_Exercise instructions_
For the material below, return exactly the lines starting at the one holding "exists (Rmin D1" and ending at the one holding "- exists (q", counting both as part of the range.

_Task input_

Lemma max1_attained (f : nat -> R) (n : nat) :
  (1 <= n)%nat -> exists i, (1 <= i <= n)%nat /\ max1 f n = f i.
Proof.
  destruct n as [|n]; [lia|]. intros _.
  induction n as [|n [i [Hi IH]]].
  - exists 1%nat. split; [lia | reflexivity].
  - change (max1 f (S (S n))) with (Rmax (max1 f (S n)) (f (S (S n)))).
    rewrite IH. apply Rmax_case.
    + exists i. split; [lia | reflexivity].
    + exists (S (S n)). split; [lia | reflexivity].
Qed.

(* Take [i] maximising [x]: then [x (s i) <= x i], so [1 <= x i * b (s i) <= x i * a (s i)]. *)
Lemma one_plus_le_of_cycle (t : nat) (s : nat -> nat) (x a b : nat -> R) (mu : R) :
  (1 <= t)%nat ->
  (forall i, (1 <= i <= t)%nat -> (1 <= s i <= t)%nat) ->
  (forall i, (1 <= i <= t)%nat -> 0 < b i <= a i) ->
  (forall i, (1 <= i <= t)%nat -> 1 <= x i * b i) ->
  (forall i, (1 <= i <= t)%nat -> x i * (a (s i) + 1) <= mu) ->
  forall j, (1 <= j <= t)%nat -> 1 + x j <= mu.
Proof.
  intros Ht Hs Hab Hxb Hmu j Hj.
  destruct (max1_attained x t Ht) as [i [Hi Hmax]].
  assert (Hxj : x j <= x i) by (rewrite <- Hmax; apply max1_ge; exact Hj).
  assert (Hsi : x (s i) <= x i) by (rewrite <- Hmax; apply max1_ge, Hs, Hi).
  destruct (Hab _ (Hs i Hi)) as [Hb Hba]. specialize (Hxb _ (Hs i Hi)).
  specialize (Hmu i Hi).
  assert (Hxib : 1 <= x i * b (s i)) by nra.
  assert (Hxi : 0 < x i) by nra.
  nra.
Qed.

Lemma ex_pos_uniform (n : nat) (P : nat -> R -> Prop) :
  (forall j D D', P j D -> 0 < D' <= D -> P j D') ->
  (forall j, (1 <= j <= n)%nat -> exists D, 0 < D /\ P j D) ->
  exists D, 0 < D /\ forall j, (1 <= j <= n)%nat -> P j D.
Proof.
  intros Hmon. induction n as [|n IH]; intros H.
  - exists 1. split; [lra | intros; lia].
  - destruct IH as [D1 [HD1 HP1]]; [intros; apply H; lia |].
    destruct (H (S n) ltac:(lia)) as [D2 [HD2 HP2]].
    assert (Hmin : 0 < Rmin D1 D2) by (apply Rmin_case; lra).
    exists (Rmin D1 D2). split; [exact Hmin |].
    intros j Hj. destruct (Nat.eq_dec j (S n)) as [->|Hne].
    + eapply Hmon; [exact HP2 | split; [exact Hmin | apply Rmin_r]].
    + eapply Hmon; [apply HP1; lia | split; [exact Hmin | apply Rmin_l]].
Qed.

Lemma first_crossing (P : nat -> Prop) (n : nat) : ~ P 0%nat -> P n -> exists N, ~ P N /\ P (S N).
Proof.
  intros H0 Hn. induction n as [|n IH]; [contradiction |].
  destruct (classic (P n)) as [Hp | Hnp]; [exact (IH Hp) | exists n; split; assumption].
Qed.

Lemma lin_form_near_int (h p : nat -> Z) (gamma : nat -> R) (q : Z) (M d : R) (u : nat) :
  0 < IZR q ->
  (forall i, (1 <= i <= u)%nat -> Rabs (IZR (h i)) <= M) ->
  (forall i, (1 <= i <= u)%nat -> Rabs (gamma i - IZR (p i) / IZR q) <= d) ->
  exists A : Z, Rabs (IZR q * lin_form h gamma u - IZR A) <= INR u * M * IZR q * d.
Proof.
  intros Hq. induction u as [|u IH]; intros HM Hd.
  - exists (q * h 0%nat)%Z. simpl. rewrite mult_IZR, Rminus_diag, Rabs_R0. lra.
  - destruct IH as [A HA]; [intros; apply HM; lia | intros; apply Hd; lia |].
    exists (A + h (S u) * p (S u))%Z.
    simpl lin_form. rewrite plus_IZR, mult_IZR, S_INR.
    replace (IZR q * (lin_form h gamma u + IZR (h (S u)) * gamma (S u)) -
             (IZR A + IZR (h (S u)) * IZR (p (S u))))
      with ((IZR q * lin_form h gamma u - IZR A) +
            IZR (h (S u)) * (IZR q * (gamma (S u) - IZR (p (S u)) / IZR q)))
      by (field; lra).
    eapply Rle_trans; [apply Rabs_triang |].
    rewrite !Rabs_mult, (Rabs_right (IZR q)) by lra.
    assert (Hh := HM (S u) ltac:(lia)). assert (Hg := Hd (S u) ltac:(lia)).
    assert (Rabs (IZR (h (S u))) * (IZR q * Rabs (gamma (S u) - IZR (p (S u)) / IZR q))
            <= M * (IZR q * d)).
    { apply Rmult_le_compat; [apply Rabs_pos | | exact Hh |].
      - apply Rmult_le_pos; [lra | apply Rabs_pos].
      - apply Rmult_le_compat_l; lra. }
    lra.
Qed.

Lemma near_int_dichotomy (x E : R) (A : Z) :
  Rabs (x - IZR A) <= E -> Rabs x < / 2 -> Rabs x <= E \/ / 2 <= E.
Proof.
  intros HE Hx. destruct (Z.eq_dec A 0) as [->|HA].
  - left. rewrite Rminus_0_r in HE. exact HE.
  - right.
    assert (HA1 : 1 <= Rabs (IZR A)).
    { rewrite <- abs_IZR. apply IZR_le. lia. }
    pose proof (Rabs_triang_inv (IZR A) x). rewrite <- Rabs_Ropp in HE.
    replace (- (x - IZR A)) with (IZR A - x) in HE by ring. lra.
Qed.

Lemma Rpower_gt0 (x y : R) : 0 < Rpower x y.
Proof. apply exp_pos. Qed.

_Response to the task_
    exists (Rmin D1 D2). split; [exact Hmin |].
    intros j Hj. destruct (Nat.eq_dec j (S n)) as [->|Hne].
    + eapply Hmon; [exact HP2 | split; [exact Hmin | apply Rmin_r]].
    + eapply Hmon; [apply HP1; lia | split; [exact Hmin | apply Rmin_l]].
Qed.

Lemma first_crossing (P : nat -> Prop) (n : nat) : ~ P 0%nat -> P n -> exists N, ~ P N /\ P (S N).
Proof.
  intros H0 Hn. induction n as [|n IH]; [contradiction |].
  destruct (classic (P n)) as [Hp | Hnp]; [exact (IH Hp) | exists n; split; assumption].
Qed.

Lemma lin_form_near_int (h p : nat -> Z) (gamma : nat -> R) (q : Z) (M d : R) (u : nat) :
  0 < IZR q ->
  (forall i, (1 <= i <= u)%nat -> Rabs (IZR (h i)) <= M) ->
  (forall i, (1 <= i <= u)%nat -> Rabs (gamma i - IZR (p i) / IZR q) <= d) ->
  exists A : Z, Rabs (IZR q * lin_form h gamma u - IZR A) <= INR u * M * IZR q * d.
Proof.
  intros Hq. induction u as [|u IH]; intros HM Hd.
  - exists (q * h 0%nat)%Z. simpl. rewrite mult_IZR, Rminus_diag, Rabs_R0. lra.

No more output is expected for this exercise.